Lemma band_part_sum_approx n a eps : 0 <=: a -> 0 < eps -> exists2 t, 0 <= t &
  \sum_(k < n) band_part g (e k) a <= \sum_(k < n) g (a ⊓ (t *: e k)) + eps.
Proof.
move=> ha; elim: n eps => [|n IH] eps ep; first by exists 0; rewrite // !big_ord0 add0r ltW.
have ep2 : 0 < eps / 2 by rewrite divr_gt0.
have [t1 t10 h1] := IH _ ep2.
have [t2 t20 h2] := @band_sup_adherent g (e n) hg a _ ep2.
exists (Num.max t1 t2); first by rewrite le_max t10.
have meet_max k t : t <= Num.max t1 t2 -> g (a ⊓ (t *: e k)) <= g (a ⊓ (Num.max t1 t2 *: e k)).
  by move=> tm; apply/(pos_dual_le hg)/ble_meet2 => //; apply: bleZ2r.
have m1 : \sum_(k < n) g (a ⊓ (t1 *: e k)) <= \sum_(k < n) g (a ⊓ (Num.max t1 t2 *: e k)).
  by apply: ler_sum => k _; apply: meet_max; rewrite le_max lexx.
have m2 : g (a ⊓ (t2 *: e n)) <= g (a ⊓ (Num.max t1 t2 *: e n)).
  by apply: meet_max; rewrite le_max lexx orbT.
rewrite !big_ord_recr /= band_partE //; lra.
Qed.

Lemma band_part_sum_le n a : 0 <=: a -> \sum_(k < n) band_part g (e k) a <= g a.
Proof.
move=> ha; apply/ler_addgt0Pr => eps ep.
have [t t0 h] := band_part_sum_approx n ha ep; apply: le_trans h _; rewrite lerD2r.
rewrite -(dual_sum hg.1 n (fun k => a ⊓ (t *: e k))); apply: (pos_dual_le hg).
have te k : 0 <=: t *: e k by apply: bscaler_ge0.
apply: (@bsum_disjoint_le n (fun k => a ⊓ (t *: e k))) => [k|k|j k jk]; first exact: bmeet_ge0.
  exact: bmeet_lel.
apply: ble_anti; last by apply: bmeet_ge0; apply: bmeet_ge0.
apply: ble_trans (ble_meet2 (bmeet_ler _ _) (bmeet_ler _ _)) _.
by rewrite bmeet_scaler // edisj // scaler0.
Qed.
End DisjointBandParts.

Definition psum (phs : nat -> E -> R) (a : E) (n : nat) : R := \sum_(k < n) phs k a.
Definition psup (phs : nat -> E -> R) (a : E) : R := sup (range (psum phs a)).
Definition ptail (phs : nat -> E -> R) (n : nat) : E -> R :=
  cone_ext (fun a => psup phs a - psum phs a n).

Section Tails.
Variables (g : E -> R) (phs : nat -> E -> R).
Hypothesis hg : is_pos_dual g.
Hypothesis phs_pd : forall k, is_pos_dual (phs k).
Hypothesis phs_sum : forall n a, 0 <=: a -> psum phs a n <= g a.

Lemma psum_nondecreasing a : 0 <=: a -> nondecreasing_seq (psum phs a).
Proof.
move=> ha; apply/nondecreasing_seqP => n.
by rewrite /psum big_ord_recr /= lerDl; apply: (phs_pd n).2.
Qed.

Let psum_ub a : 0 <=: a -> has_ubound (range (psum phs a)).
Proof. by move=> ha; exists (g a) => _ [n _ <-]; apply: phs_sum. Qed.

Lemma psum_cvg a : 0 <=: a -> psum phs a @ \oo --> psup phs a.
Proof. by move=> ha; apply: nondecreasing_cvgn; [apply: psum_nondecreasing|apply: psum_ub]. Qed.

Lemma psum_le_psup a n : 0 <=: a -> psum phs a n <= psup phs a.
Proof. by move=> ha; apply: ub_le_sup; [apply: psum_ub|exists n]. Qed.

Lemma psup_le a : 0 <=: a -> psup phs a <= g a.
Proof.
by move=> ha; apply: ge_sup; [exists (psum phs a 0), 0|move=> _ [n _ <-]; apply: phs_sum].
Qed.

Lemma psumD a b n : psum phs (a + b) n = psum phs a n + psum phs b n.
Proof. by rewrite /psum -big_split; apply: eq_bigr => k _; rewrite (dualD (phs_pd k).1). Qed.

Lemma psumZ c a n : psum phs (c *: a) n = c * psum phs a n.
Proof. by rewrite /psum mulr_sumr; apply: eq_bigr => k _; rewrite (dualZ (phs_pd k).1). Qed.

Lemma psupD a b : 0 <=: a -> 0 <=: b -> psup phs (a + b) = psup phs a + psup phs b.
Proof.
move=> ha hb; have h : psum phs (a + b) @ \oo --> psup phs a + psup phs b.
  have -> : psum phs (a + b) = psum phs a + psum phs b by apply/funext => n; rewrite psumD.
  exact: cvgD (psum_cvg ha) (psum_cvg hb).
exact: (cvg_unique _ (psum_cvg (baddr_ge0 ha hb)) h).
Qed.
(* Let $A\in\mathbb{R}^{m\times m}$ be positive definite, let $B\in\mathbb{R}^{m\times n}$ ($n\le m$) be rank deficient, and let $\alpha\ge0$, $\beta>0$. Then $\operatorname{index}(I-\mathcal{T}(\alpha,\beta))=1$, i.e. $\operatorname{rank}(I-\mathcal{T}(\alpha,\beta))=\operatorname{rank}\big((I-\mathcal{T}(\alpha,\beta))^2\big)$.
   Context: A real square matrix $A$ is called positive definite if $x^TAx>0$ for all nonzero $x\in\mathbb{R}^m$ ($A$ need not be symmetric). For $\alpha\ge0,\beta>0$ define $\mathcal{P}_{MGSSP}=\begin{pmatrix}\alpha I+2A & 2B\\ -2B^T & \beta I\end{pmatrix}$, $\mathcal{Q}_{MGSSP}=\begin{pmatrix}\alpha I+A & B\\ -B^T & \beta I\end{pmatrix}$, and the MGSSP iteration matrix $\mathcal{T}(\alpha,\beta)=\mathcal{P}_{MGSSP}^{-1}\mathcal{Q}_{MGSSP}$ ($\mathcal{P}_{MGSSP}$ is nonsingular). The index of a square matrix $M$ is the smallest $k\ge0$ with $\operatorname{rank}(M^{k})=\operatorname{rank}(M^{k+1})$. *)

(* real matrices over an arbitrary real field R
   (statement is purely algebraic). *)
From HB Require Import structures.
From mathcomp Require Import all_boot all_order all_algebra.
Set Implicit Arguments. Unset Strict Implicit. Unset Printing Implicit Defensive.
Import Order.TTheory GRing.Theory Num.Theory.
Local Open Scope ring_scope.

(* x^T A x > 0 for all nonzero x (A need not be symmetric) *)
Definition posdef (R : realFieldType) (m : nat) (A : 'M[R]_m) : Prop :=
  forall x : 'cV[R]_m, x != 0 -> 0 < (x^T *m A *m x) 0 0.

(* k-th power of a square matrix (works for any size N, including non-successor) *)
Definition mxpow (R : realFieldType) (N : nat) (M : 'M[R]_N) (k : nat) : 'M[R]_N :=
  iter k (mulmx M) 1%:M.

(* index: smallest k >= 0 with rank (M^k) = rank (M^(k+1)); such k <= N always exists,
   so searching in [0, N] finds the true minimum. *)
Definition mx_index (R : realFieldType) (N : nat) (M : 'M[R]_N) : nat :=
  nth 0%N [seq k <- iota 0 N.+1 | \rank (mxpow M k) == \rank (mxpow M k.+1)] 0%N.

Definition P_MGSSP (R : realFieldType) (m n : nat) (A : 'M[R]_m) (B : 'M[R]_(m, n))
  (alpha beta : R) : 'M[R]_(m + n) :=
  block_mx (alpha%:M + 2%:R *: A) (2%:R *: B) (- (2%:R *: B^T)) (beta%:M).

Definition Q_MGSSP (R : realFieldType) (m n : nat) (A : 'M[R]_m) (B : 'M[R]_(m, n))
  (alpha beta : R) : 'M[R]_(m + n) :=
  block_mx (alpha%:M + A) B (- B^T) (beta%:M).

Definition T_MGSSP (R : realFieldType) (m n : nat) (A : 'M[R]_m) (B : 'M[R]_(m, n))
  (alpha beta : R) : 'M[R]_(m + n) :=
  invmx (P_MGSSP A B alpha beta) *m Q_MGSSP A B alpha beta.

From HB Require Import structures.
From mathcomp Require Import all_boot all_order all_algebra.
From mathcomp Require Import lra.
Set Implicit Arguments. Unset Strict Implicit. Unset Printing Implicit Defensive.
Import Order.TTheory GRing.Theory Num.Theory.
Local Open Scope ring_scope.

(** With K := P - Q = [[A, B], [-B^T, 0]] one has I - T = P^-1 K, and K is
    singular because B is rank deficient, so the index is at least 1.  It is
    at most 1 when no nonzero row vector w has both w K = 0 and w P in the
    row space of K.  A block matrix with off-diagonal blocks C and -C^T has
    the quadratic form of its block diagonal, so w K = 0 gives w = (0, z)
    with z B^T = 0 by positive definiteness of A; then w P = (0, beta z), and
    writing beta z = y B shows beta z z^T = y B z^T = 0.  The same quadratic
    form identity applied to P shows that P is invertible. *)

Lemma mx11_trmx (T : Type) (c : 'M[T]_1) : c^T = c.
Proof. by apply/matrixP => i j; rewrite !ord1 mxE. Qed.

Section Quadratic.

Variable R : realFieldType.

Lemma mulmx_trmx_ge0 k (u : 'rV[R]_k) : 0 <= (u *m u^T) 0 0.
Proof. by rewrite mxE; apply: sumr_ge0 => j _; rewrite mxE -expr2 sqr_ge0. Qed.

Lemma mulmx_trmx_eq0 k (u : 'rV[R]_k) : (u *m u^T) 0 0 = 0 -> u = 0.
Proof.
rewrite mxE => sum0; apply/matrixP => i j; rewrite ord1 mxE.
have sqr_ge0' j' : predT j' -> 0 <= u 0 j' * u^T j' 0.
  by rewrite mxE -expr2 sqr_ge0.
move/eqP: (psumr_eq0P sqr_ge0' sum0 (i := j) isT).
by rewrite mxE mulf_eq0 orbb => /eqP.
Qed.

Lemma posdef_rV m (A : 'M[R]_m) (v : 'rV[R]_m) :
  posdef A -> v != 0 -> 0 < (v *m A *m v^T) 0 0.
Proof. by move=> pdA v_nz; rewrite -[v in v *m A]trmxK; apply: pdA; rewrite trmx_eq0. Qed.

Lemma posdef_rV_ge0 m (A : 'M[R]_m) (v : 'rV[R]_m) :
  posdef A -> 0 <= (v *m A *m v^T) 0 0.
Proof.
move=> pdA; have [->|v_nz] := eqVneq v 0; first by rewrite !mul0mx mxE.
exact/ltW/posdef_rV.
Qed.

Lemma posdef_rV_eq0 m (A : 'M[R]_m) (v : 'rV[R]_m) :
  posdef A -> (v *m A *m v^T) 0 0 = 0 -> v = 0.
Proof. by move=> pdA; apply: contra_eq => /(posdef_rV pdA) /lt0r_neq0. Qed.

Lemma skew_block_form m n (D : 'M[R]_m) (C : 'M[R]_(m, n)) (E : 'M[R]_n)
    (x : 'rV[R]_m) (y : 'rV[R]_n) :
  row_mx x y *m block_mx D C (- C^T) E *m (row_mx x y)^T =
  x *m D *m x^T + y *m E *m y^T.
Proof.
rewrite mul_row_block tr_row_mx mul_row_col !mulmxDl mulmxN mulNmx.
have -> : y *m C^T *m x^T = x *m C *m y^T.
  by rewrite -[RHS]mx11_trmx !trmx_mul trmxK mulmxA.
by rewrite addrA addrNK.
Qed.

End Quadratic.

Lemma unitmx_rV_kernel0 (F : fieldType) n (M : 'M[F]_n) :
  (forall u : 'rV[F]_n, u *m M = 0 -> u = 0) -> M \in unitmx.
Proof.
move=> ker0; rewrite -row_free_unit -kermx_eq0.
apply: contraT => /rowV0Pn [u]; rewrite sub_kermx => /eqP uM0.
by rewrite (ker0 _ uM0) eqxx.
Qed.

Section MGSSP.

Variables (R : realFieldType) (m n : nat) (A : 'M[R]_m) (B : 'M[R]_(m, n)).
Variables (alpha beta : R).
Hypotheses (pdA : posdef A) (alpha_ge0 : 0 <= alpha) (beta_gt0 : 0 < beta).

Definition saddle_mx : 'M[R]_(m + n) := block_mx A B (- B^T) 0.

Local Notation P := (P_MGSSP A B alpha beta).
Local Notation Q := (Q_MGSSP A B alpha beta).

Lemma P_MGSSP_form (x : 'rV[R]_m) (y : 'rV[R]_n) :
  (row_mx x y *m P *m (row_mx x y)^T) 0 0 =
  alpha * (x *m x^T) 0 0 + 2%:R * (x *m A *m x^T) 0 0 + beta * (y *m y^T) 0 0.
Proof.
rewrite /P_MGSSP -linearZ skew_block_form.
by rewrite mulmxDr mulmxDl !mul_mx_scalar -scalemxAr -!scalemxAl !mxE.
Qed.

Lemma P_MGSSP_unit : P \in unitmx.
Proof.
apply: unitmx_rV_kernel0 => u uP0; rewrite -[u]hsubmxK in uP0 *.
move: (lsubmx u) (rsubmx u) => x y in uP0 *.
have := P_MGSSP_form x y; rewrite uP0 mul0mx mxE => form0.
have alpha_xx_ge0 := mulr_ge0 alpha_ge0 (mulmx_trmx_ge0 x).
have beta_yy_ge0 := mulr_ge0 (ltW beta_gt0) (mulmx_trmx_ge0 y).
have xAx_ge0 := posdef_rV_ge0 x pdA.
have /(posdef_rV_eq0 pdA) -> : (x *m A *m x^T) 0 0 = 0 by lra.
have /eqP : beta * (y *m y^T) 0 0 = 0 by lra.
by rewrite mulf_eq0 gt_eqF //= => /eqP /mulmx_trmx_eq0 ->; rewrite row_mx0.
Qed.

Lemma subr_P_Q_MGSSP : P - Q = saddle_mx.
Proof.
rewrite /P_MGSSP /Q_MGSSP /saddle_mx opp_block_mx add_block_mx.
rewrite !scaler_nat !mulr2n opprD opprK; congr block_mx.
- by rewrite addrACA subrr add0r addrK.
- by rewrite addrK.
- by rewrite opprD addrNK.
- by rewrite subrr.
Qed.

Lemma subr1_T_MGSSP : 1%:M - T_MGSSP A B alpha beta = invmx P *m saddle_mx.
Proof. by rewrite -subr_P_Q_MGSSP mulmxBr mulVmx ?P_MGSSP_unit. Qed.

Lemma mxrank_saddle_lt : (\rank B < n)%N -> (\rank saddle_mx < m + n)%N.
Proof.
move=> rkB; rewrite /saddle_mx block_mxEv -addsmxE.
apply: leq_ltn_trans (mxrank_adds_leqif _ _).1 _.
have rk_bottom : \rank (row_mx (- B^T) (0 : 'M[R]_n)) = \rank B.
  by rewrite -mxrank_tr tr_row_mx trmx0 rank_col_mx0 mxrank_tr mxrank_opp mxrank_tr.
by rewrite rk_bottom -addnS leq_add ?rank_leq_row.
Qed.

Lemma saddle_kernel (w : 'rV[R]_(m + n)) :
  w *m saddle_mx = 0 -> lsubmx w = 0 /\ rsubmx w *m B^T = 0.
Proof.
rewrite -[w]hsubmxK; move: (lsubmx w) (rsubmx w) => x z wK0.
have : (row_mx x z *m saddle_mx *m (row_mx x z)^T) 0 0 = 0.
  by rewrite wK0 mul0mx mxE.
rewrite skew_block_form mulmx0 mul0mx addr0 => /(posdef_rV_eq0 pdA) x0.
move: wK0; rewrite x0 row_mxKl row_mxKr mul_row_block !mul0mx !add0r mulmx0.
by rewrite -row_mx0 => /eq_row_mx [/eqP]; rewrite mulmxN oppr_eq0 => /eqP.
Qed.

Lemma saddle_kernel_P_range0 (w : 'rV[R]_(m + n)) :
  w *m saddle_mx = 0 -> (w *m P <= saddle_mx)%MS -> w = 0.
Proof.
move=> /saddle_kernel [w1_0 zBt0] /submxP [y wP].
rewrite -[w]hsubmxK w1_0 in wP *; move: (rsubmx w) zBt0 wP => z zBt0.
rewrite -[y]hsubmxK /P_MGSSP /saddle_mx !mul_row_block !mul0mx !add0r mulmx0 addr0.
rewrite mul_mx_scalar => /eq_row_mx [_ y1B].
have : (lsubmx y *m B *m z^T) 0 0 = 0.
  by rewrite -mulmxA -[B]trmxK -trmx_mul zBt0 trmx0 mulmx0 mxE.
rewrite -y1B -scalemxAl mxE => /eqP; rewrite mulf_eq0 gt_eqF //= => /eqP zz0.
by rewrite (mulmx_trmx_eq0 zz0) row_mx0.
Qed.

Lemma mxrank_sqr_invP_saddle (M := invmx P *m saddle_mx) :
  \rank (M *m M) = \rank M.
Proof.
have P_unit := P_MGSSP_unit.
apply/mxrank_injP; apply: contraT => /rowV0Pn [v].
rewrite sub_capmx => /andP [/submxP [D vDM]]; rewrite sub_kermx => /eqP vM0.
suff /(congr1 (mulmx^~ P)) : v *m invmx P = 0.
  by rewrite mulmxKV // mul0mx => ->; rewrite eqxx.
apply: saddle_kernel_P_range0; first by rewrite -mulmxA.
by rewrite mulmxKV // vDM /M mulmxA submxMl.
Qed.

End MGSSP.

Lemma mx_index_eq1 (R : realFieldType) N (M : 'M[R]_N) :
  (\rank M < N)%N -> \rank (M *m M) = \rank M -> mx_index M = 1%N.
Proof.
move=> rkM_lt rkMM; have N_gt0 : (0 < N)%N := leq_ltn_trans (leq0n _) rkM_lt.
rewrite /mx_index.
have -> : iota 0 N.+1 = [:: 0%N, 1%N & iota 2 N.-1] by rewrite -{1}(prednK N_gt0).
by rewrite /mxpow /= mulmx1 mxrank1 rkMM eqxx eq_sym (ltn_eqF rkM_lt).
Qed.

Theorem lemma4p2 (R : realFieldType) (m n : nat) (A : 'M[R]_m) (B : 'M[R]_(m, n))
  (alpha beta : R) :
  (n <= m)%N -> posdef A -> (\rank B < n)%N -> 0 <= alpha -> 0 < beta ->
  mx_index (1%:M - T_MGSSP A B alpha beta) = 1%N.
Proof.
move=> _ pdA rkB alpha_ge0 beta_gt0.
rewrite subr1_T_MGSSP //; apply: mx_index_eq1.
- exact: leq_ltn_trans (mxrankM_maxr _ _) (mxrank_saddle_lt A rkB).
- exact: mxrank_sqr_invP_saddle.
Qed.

> _Problem statement_
Set every line down again exactly. Begin with the first line of the entries and finish with the line containing "Hypothesis hg : is_pos_dual g.".

> _Task output_
Lemma band_part_sum_approx n a eps : 0 <=: a -> 0 < eps -> exists2 t, 0 <= t &
  \sum_(k < n) band_part g (e k) a <= \sum_(k < n) g (a ⊓ (t *: e k)) + eps.
Proof.
move=> ha; elim: n eps => [|n IH] eps ep; first by exists 0; rewrite // !big_ord0 add0r ltW.
have ep2 : 0 < eps / 2 by rewrite divr_gt0.
have [t1 t10 h1] := IH _ ep2.
have [t2 t20 h2] := @band_sup_adherent g (e n) hg a _ ep2.
exists (Num.max t1 t2); first by rewrite le_max t10.
have meet_max k t : t <= Num.max t1 t2 -> g (a ⊓ (t *: e k)) <= g (a ⊓ (Num.max t1 t2 *: e k)).
  by move=> tm; apply/(pos_dual_le hg)/ble_meet2 => //; apply: bleZ2r.
have m1 : \sum_(k < n) g (a ⊓ (t1 *: e k)) <= \sum_(k < n) g (a ⊓ (Num.max t1 t2 *: e k)).
  by apply: ler_sum => k _; apply: meet_max; rewrite le_max lexx.
have m2 : g (a ⊓ (t2 *: e n)) <= g (a ⊓ (Num.max t1 t2 *: e n)).
  by apply: meet_max; rewrite le_max lexx orbT.
rewrite !big_ord_recr /= band_partE //; lra.
Qed.

Lemma band_part_sum_le n a : 0 <=: a -> \sum_(k < n) band_part g (e k) a <= g a.
Proof.
move=> ha; apply/ler_addgt0Pr => eps ep.
have [t t0 h] := band_part_sum_approx n ha ep; apply: le_trans h _; rewrite lerD2r.
rewrite -(dual_sum hg.1 n (fun k => a ⊓ (t *: e k))); apply: (pos_dual_le hg).
have te k : 0 <=: t *: e k by apply: bscaler_ge0.
apply: (@bsum_disjoint_le n (fun k => a ⊓ (t *: e k))) => [k|k|j k jk]; first exact: bmeet_ge0.
  exact: bmeet_lel.
apply: ble_anti; last by apply: bmeet_ge0; apply: bmeet_ge0.
apply: ble_trans (ble_meet2 (bmeet_ler _ _) (bmeet_ler _ _)) _.
by rewrite bmeet_scaler // edisj // scaler0.
Qed.
End DisjointBandParts.

Definition psum (phs : nat -> E -> R) (a : E) (n : nat) : R := \sum_(k < n) phs k a.
Definition psup (phs : nat -> E -> R) (a : E) : R := sup (range (psum phs a)).
Definition ptail (phs : nat -> E -> R) (n : nat) : E -> R :=
  cone_ext (fun a => psup phs a - psum phs a n).

Section Tails.
Variables (g : E -> R) (phs : nat -> E -> R).
Hypothesis hg : is_pos_dual g.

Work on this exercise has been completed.